Exercise directions: There is one span to output from the data below: the lines starting at the line with "meet each other" and ending at the line with "apply: eq_big =>". Output it exactly, ends included, nothing more.

Source data:
(* For $n\ge1$ and $0\le k\le n-1$, the number of directed paths in $\Gamma$ from $(0,0)$ to $(n,k)$ satisfies $$\pi(n,k,0)=E_{n,k}=\sum_{r=0}^{\lfloor (k-1)/2\rfloor}(-1)^r\binom{k}{2r+1}E_{n-2r-1},$$ where the sum is empty (equal to $0$) when $k=0$.
   Context: Let $\Gamma$ be the directed graph whose nodes are the pairs $(n,k)$ of integers with $n\ge k\ge 0$, and whose edges are, for all $n\ge k\ge 0$: $(n+1,k)\to(n+1,k+1)$ and $(n,n-k)\to(n+1,k+1)$. $\pi(n,k,i)$ denotes the number of directed paths in $\Gamma$ from $(i,0)$ to $(n,k)$. A sequence $x_1,\ldots,x_m$ is down-up if $x_1>x_2<x_3>\cdots$. $E_n$ is the number of down-up permutations of $\{1,\ldots,n\}$ ($E_0=E_1=1$). The Entringer number $E_{n,k}$ ($n\ge k\ge 0$) is the number of down-up permutations of $\{1,\ldots,n+1\}$ whose first entry is $k+1$, with the convention $E_{0,0}=1$; equivalently $E_{0,0}=1$, $E_{n,0}=0$ for $n\ge1$, and $E_{n+1,k+1}=E_{n+1,k}+E_{n,n-k}$ for $n\ge k\ge0$. *)

From mathcomp Require Import all_boot all_order all_algebra all_fingroup.
Set Implicit Arguments. Unset Strict Implicit. Unset Printing Implicit Defensive.

(* Edges of Gamma between nodes (a,b) -> (c,d):
   (m,k) -> (m,k+1)      for k < m      [i.e. (n+1,k)->(n+1,k+1), n >= k]
   (a,b) -> (a+1,d)      for 1 <= d <= a+1 and b = a-(d-1)
                          [i.e. (n,n-k)->(n+1,k+1), n >= k] *)
Definition gamma_edge (u v : nat * nat) : bool :=
  let: (a, b) := u in let: (c, d) := v in
  [&& c == a, d == b.+1 & b < a] || [&& c == a.+1, 0 < d, d <= c & b + d == c].

Definition gamma_node (u : nat * nat) : bool := u.2 <= u.1.

Definition gamma_path (i n k : nat) (p : seq (nat * nat)) : bool :=
  match p with
  | [::] => false
  | x :: q => [&& x == (i, 0), last x q == (n, k), all gamma_node p
                & path gamma_edge x q]
  end.

Definition num_paths_is (n k i c : nat) : Prop :=
  exists s : seq (seq (nat * nat)),
    [/\ uniq s, forall p, p \in s = gamma_path i n k p & size s = c].

(* down-up: x_1 > x_2 < x_3 > ... *)
Definition downup (s : seq nat) : bool :=
  all (fun i => if odd i then nth 0 s i < nth 0 s i.+1
                else nth 0 s i.+1 < nth 0 s i) (iota 0 (size s).-1).

Definition euler_num (n : nat) : nat :=
  #|[set s : 'S_n | downup [seq (val (s i)).+1 | i <- enum 'I_n]]|.

(* Entringer numbers by the recurrence E_{0,0}=1, E_{n,0}=0 (n>=1),
   E_{n+1,k+1} = E_{n+1,k} + E_{n,n-k}  (meaningful for k <= n) *)
Fixpoint entringer (n : nat) : nat -> nat :=
  match n with
  | 0 => fun k => if k == 0 then 1 else 0
  | m.+1 => fix g (k : nat) : nat :=
      match k with
      | 0 => 0
      | j.+1 => g j + entringer m (m - j)
      end
  end.

From mathcomp Require Import all_boot all_order all_algebra all_fingroup.
From mathcomp Require Import zify ring.
Import GRing.Theory.
(* There are absolute constants $B_0$ and $M$ such that the following holds. Let $k,k'$ be integers with $1\le k\le k'\le k+10$, $u_1=e^{ikx}e^{-k^2t}$, $u_2=e^{ik'y}e^{-(k')^2t}$. For every $c_1>0$ and $t_1\ge0$, with $c_2>0$ defined by $c_1e^{-k^2t_1}=c_2e^{-(k')^2t_1}$, there exist a $C^2$ complex function $u$ and a continuous $\mathbb{C}^2$-valued vector field $B$ with $|B|\le B_0$ on $\mathbb{T}^2\times[t_1,t_1+\frac7{2k}]$ such that $\dot u=\Delta u+B\cdot\nabla u$ there, and: for $t\in[t_1,t_1+\frac1{2k}]$, $u=c_1u_1$ and $B=0$; for $t\in[t_1+\frac3k,t_1+\frac7{2k}]$, $u=c_2u_2$ and $B=0$; and for $t\in[t_1,t_1+\frac7{2k}]$, $u=f(t)e^{ikx}+g(t)e^{ik'y}$ with $f,g\in C^2$ satisfying, for $0\le\alpha\le2$, $|f^{(\alpha)}(t)|\le Mc_1k^{2\alpha}e^{-k^2t}$ and $|g^{(\alpha)}(t)|\le Mc_2(k')^{2\alpha}e^{-(k')^2t}$.
   Context: $\mathbb{T}^2=(\mathbb{R}/2\pi\mathbb{Z})^2$ with coordinates $(x,y)$; $t$ the third coordinate; $\dot u=\partial_tu$; $\Delta$ and $\nabla$ are in the spatial variables $(x,y)$, and $B\cdot\nabla u=B_1\partial_xu+B_2\partial_yu$. *)

From Stdlib Require Export Reals.
From Coquelicot Require Export Coquelicot.
Open Scope R_scope.

Definition cis (th : R) : C := (cos th, sin th).

Definition CDerive (h : R -> C) (s : R) : C :=
  (Derive (fun r => fst (h r)) s, Derive (fun r => snd (h r)) s).

Definition dx (u : R -> R -> R -> C) (x y t : R) : C := CDerive (fun s => u s y t) x.
Definition dy (u : R -> R -> R -> C) (x y t : R) : C := CDerive (fun s => u x s t) y.
Definition dt (u : R -> R -> R -> C) (x y t : R) : C := CDerive (fun s => u x y s) t.
(* Let $G$ be a connected toroidal graph (a finite simple graph embeddable in the torus) that contains no subgraph isomorphic to $C_1$ and no subgraph isomorphic to $C_2$, where $C_1$ and $C_2$ are the graphs described in the context. Then $G$ has minimum degree at most three, unless $G$ is a $2$-connected $4$-regular graph with Euler characteristic $\epsilon(G)=0$.
   Context: $C_1$ (the ''house'') is the graph on vertices $a,b,c,d,h$ with edges $ab,bc,cd,da,ah,hb$; equivalently a $4$-cycle $abcd$ together with a triangle $abh$ sharing the edge $ab$. $C_2$ is the graph on vertices $u_1,\dots,u_5,x,y$ with edges $u_1u_2,u_2u_3,u_3u_4,u_4u_5,u_5u_1$ (a $5$-cycle), $xu_5,xu_1$ and $yu_1,yu_2$; i.e. a $5$-cycle with two triangles attached on the two consecutive edges $u_5u_1$ and $u_1u_2$. ''Subgraph'' means not necessarily induced. For a connected toroidal graph $G$, $\epsilon(G)$ denotes $|V(G)|-|E(G)|+|F(G)|$ for a $2$-cell embedding of $G$ in the plane or the torus, i.e. the Euler characteristic of that surface ($2$ for the plane/sphere, $0$ for the torus); thus $\epsilon(G)=0$ means the $2$-cell embedding is in the torus. *)

From mathcomp Require Import all_boot all_order all_fingroup all_algebra.
Set Implicit Arguments. Unset Strict Implicit. Unset Printing Implicit Defensive.

Definition simple_graph (T : finType) (e : rel T) : Prop :=
  symmetric e /\ irreflexive e.

Definition nbhd (T : finType) (e : rel T) (x : T) : {set T} := [set y | e x y].
Definition deg (T : finType) (e : rel T) (x : T) : nat := #|nbhd e x|.

Definition connected_graph (T : finType) (e : rel T) : Prop :=
  forall x y : T, connect e x y.

Definition del_vertex (T : finType) (e : rel T) (v : T) : rel T :=
  [rel a b | [&& e a b, a != v & b != v]].

Definition two_connected (T : finType) (e : rel T) : Prop :=
  2 < #|T| /\
  forall v x y : T, x != v -> y != v -> connect (del_vertex e v) x y.

Definition regular (T : finType) (e : rel T) (k : nat) : Prop :=
  forall x : T, deg e x = k.

Definition has_subgraph (n : nat) (H : rel 'I_n) (T : finType) (e : rel T) : Prop :=
  exists f : 'I_n -> T, injective f /\ forall i j : 'I_n, H i j -> e (f i) (f j).

Definition rel_of_edges (n : nat) (l : seq (nat * nat)) : rel 'I_n :=
  fun i j => ((nat_of_ord i, nat_of_ord j) \in l) || ((nat_of_ord j, nat_of_ord i) \in l).

(* C1 (house): a=0, b=1, c=2, d=3, h=4; edges ab bc cd da ah hb *)
Definition C1 : rel 'I_5 :=
  rel_of_edges [:: (0,1); (1,2); (2,3); (3,0); (0,4); (4,1)].

(* C2: u1..u5 = 0..4, x = 5, y = 6;
   edges u1u2 u2u3 u3u4 u4u5 u5u1, xu5 xu1, yu1 yu2 *)
Definition C2 : rel 'I_7 :=
  rel_of_edges [:: (0,1); (1,2); (2,3); (3,4); (4,0); (5,4); (5,0); (6,0); (6,1)].

(* ---- Cellular embeddings in orientable surfaces via rotation systems ----
   (Heffter-Edmonds): a rotation system assigns to each vertex x a cyclic
   permutation of its neighbourhood.  The faces of the corresponding 2-cell
   embedding are the orbits of the face-tracing map on darts
   (x,y) |-> (y, rho y x).  Euler: V - E + F = 2 - 2g. *)
Definition rotation_system (T : finType) (e : rel T) (rho : T -> {perm T}) : Prop :=
  forall x : T,
    (forall y, rho x y != y -> e x y) /\
    (forall y z, e x y -> e x z -> fconnect (rho x) y z).

Definition face_map (T : finType) (rho : T -> {perm T}) (d : T * T) : T * T :=
  (d.2, rho d.2 d.1).

Definition darts (T : finType) (e : rel T) : pred (T * T) :=
  [pred d | e d.1 d.2].

(* number of faces (an edgeless graph, i.e. a single vertex, has one face) *)
Definition nfaces (T : finType) (e : rel T) (rho : T -> {perm T}) : nat :=
  if #|darts e| == 0 then 1 else fcard (face_map rho) (darts e).

Definition nedges (T : finType) (e : rel T) : nat := #|darts e| %/ 2.

Definition euler_rot (T : finType) (e : rel T) (rho : T -> {perm T}) : int :=
  ((Posz #|T|) - (Posz (nedges e)) + (Posz (nfaces e rho)))%R.

Definition planar (T : finType) (e : rel T) : Prop :=
  exists rho, rotation_system e rho /\ euler_rot e rho = (Posz 2).

(* has a 2-cell embedding in the plane or the torus (epsilon >= 0) *)
Definition toroidal (T : finType) (e : rel T) : Prop :=
  exists rho, rotation_system e rho /\ (0 <= euler_rot e rho)%R.

(* epsilon(G) = 0 : G embeds 2-cellularly in the torus but not in the plane *)
Definition euler_char_zero (T : finType) (e : rel T) : Prop :=
  toroidal e /\ ~ planar e.

From mathcomp Require Import all_boot all_order all_fingroup all_algebra.
From mathcomp Require Import lra zify.
Set Implicit Arguments. Unset Strict Implicit. Unset Printing Implicit Defensive.
Import Order.TTheory GRing.Theory Num.Theory.

(* Assume the minimum degree is at least 4 and fix a rotation system whose cellular embedding
   has V - E + F >= 0.  Each dart (u, v) on a face f gets the charge 2 - 4/deg v - 4/|f|, and
   these charges add up to -4 (V - E + F).  Forbidding the house and C2 restricts how triangles
   meet each other and short faces enough that charge can be moved from long faces to triangles
   so that every dart ends up nonnegative.  Hence V - E + F = 0: G embeds in the torus but not in
   the sphere.  Moreover a vertex of degree at least 5, or a cut vertex (through which some face
   passes twice, forcing that face to be long), would leave a dart with positive final charge;
   so G is 4-regular and 2-connected. *)

Lemma sum_inv_order (U : finType) (f : U -> U) (a : pred U) :
  injective f -> fclosed f a ->
  (\sum_(x | a x) (fingraph.order f x)%:R^-1 = (fcard f a)%:R :> rat)%R.
Proof.
move=> f_inj a_cl; have f_sym := fconnect_sym f_inj.
have a_conn x y : fconnect f x y -> a x = a y by move/(closed_connect a_cl).
rewrite (partition_big (froot f) (fun r => a r && froots f r)); last first.
  by move=> x ax; rewrite (roots_root f_sym) andbT -(a_conn _ _ (connect_root _ x)).
rewrite /n_comp_mem -sum1_card natr_sum.
apply: eq_big => [r|r /andP[ar /eqP rr]]; first by rewrite !inE andbC.
have orbit_r x : (a x && (froot f x == r)) = fconnect f r x.
  apply/idP/idP => [/andP[_ /eqP <-]|rx]; first by rewrite f_sym connect_root.
  rewrite -(a_conn _ _ rx) ar /=; apply/eqP.
  by rewrite -rr; apply/esym/(fingraph.rootP f_sym).
rewrite (eq_bigl _ _ orbit_r) (eq_bigr (fun _ => (fingraph.order f r)%:R^-1)%R); last first.
  by move=> x rx; rewrite /fingraph.order (eq_card (same_connect f_sym rx)).
rewrite sumr_const -[X in (_ *+ X)%R]/(fingraph.order f r) -(mulr_natr (_ : rat)^-1)%R.
by rewrite mulVf // pnatr_eq0 -lt0n fingraph.order_gt0.
Qed.

Lemma uniq5 (T : eqType) (a b c d h : T) :
  a != b -> a != c -> a != d -> a != h -> b != c -> b != d -> b != h ->
  c != d -> c != h -> d != h -> uniq [:: a; b; c; d; h].
Proof. by move=> *; rewrite /= !inE !negb_or; repeat (apply/andP; split). Qed.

Task solution:
   meet each other and short faces enough that charge can be moved from long faces to triangles
   so that every dart ends up nonnegative.  Hence V - E + F = 0: G embeds in the torus but not in
   the sphere.  Moreover a vertex of degree at least 5, or a cut vertex (through which some face
   passes twice, forcing that face to be long), would leave a dart with positive final charge;
   so G is 4-regular and 2-connected. *)

Lemma sum_inv_order (U : finType) (f : U -> U) (a : pred U) :
  injective f -> fclosed f a ->
  (\sum_(x | a x) (fingraph.order f x)%:R^-1 = (fcard f a)%:R :> rat)%R.
Proof.
move=> f_inj a_cl; have f_sym := fconnect_sym f_inj.
have a_conn x y : fconnect f x y -> a x = a y by move/(closed_connect a_cl).
rewrite (partition_big (froot f) (fun r => a r && froots f r)); last first.
  by move=> x ax; rewrite (roots_root f_sym) andbT -(a_conn _ _ (connect_root _ x)).
rewrite /n_comp_mem -sum1_card natr_sum.
apply: eq_big => [r|r /andP[ar /eqP rr]]; first by rewrite !inE andbC.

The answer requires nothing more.